Harel & Papert. (1990). Software Design as a Learning Environment


Harel, I., & Papert, S. (1990). Software design as a learning environment. Interactive learning environments, 1(1), 1-32. https://doi.org/10.1080/1049482900010102

An elementary school math class developed software to teach fractions. One class. In a high-end experimental school with full access to then-new technology. For part of one semester. Some students did the usual fractions classes, some did the “write some software to teach someone something about fractions”. The software-design group spent a few weeks building their software, and showed better comprehension of fractions. Is it because they designed software? Is it because they were part of an experimental group and thus fractions were a special and exciting topic? Something else? Who knows. But the kids made some interesting software and Harel and Papert got another data point for constructionism.

…our special emphasis on project activity which is self-directed by the student within a cultural/social context that offers support and help in particularly unobtrusive ways.

pg. 3:

We saw the physical environment as a very important factor in shaping a learning culture. These open spaces allowed us to bring the technology closer (physically and conceptually) to students and teachers; to integrate the computer activities with the regular classroom activities; and to facilitate movement and action around the computers; to reinforce communication and information-sharing regarding computer-based activities across grade levels and among teachers.

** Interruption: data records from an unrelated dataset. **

(* A signed permutation sigma of {+-1,...,+-n} is encoded by the finite function
   f : 'I_n -> 'I_n * bool with f i = (j, b) meaning
   sigma(i+1) = (-1)^b (j+1); sigma is a bijection with sigma(-i) = -sigma(i)
   exactly when i |-> (f i).1 is injective (hence bijective). *)
Definition signed_perms (n : nat) : {set {ffun 'I_n -> 'I_n * bool}} :=
  [set f : {ffun 'I_n -> 'I_n * bool} | injectiveb (fun i => (f i).1)].

(* The word of sigma: sigma(i) for i in {1..n}, with sigma(0) = 0
   (and 0 outside the range, never used). *)
Definition sval (n : nat) (f : {ffun 'I_n -> 'I_n * bool}) (i : nat) : int :=
  match i with
  | 0%N => 0
  | j.+1 => match insub j : option 'I_n with
            | Some o => (-1) ^+ (f o).2 * ((f o).1.+1)%:Z
            | None => 0
            end
  end.

Definition is_altdes (n : nat) (f : {ffun 'I_n -> 'I_n * bool}) (i : nat) : bool :=
  ((sval f i < sval f i.+1) && ~~ odd i) || ((sval f i > sval f i.+1) && odd i).

Definition altdes (n : nat) (f : {ffun 'I_n -> 'I_n * bool}) : nat :=
  #|[set i : 'I_n | is_altdes f i]|.

(* hat B(n,k): number of signed permutations with k alternating descents,
   set to 0 for k < 0 (for k > n it is automatically 0). *)
Definition Bhat (n : nat) (k : int) : int :=
  match k with
  | Posz m => (#|[set f in signed_perms n | altdes f == m]|)%:Z
  | Negz _ => 0
  end.

Definition is_snake (n : nat) (f : {ffun 'I_n -> 'I_n * bool}) : bool :=
  (0 < sval f 1) &&
  [forall i : 'I_n, (0 < i)%N ==>
     (if odd i then sval f i > sval f i.+1 else sval f i < sval f i.+1)].

Definition snakes (n : nat) : nat := #|[set f in signed_perms n | is_snake f]|.

(* Every signed permutation of [n+1] arises exactly once from a signed
   permutation s of [n] by inserting +-(n+1) at one of the n+1 positions and
   negating all the entries after it.  The negation compensates the parity shift
   of the later indices, so their alternating-descent status is unchanged.
   Inserting at a position i < n replaces the status of i by two equal statuses,
   a descent iff the sign of the new entry matches the parity of i; inserting at
   the end adds one such status.  Hence if s has d alternating descents, each of
   its d descents yields insertions with d - 1 and d + 1 alternating descents,
   each of its n - d other indices yields d and d + 2, and the end yields d and
   d + 1; collecting coefficients gives the recurrence.  Negating every entry
   complements the set of alternating descents, and snakes are exactly the
   signed permutations all of whose indices are alternating descents, so
   B(n, 0) = S_n. *)

From Pilot Require Import Defs.
From mathcomp Require Import all_boot all_order all_algebra all_fingroup zify ring.
Import Order.TTheory GRing.Theory Num.Theory.
Local Open Scope ring_scope.
Set Implicit Arguments. Unset Strict Implicit. Unset Printing Implicit Defensive.
Local Notation sval := Pilot.Defs.sval.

Sounds like the design of the physical space - not a separate computer lab but a giant combined classroom space with about 100 computer stations arranged in a giant circle, with classroom spaces branching off of that (although, that sounds kind of computer-lab-y, despite their claim to the contrary - I’d love to see a diagram of the school’s layout…)

pg. 5:

…the children’s daily activities resulted in 17 different pieces of instructional software about fractions - one product for each child in the experiment - and 17 personal portfolios consisting of the plans and designs they wrote down for each day’s work, and the pieces of Logo code they had programmed, as well as their written reflections at the end of each session on the problems and changes they had dealt with that day.

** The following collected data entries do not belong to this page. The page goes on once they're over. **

Lemma eisenstein_reduce a0 b0 c0 :
  (0 <= a0 <= b0)%Z -> (0 < c0)%Z -> (a0 * a0 - a0 * b0 + b0 * b0 = c0 * c0)%Z ->
  exists a b c g, (0 < g)%Z /\ a0 = (a * g)%Z /\ b0 = (b * g)%Z /\ c0 = (c * g)%Z /\
    primitive_eisenstein a b c.
Proof.
  intros Hab Hc E.
  set (g := Z.gcd (Z.gcd a0 b0) c0).
  assert (Hg : (0 < g)%Z).
  { assert (0 <= g)%Z by apply Z.gcd_nonneg.
    destruct (Z.eq_dec g 0) as [h|]; [|lia].
    apply Z.gcd_eq_0 in h. lia. }
  assert (Da : (g | a0)%Z) by (eapply Z.divide_trans; [apply Z.gcd_divide_l|apply Z.gcd_divide_l]).
  assert (Db : (g | b0)%Z) by (eapply Z.divide_trans; [apply Z.gcd_divide_l|apply Z.gcd_divide_r]).
  assert (Dc : (g | c0)%Z) by apply Z.gcd_divide_r.
  destruct Da as [a Ea]. destruct Db as [b Eb]. destruct Dc as [c Ec].
  exists a, b, c, g. do 4 (split; [assumption|]).
  assert (G : g = (g * Z.gcd (Z.gcd a b) c)%Z).
  { unfold g at 1. rewrite Ea, Eb, Ec, Z.gcd_mul_mono_r, (Z.abs_eq g) by lia.
    rewrite Z.gcd_mul_mono_r. lia. }
  clearbody g. subst a0 b0 c0.
  split; [split; [nia|split; [nia|split; [nia|split]]]|split].
  - intros [h1 [h2 h3]]. subst. lia.
  - apply (Z.mul_reg_l _ _ (g * g)); nia.
  - nia.
  - nia.
Qed.

Definition hex_point (m n : Z) : vec := (IZR m - IZR n / 2, IZR n * sqrt 3 / 2).

Definition hex_norm (m n : Z) : Z := (m * m - m * n + n * n)%Z.

(* twice the inner product of [hex_point m1 n1] and [hex_point m2 n2] *)
Definition hex_pairing (m1 n1 m2 n2 : Z) : Z :=
  (2 * m1 * m2 + 2 * n1 * n2 - m1 * n2 - n1 * m2)%Z.

Lemma hex_pairing_lagrange m1 n1 m2 n2 :
  (hex_pairing m1 n1 m2 n2 * hex_pairing m1 n1 m2 n2 +
   3 * ((m1 * n2 - n1 * m2) * (m1 * n2 - n1 * m2)) =
   4 * (hex_norm m1 n1 * hex_norm m2 n2))%Z.
Proof. unfold hex_pairing, hex_norm. ring. Qed.

Lemma dot_hex_point m1 n1 m2 n2 :
  dot (hex_point m1 n1) (hex_point m2 n2) = IZR (hex_pairing m1 n1 m2 n2) / 2.
Proof.
  unfold dot, hex_point, hex_pairing; cbn [fst snd].
  rewrite !minus_IZR, !plus_IZR, !mult_IZR.
  replace (IZR n1 * sqrt 3 / 2 * (IZR n2 * sqrt 3 / 2))
    with (IZR n1 * IZR n2 / 4 * (sqrt 3 * sqrt 3)) by field.
  rewrite sqrt_sqrt by lra. field.
Qed.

So. That’s a whole lot more than just learning fractions. A daily journal of learning. Software representations of what they learned. A portfolio. How much of the learning was a result of the portfolio and reflective practice, and how much as a result of designing software? They say that it’s impossible to separate - that it has to be taken as a whole - but it looks like much of the students’ active learning was really just a rigorous reflective practice. Which is awesome and should be adopted by self-motivated learners. But it’s not “write code and you’ll learn better”. (assuming silicon valley would read this article and say “LEARN TO CODE!”)

pg. 22:

…we speculate that improvement in performance might be affected by factors related to the affective side of cognition and learning; to the children’s process of personal appropriation of knowledge; to the children’s use of LogoWriter; to the children’s constructivist involvement with the deep structure of fractions knowledge (namely, construction of multiple representations) to the “integrated-learning” principle; to the “learning by teaching” principle; to the power of design as a learning activity.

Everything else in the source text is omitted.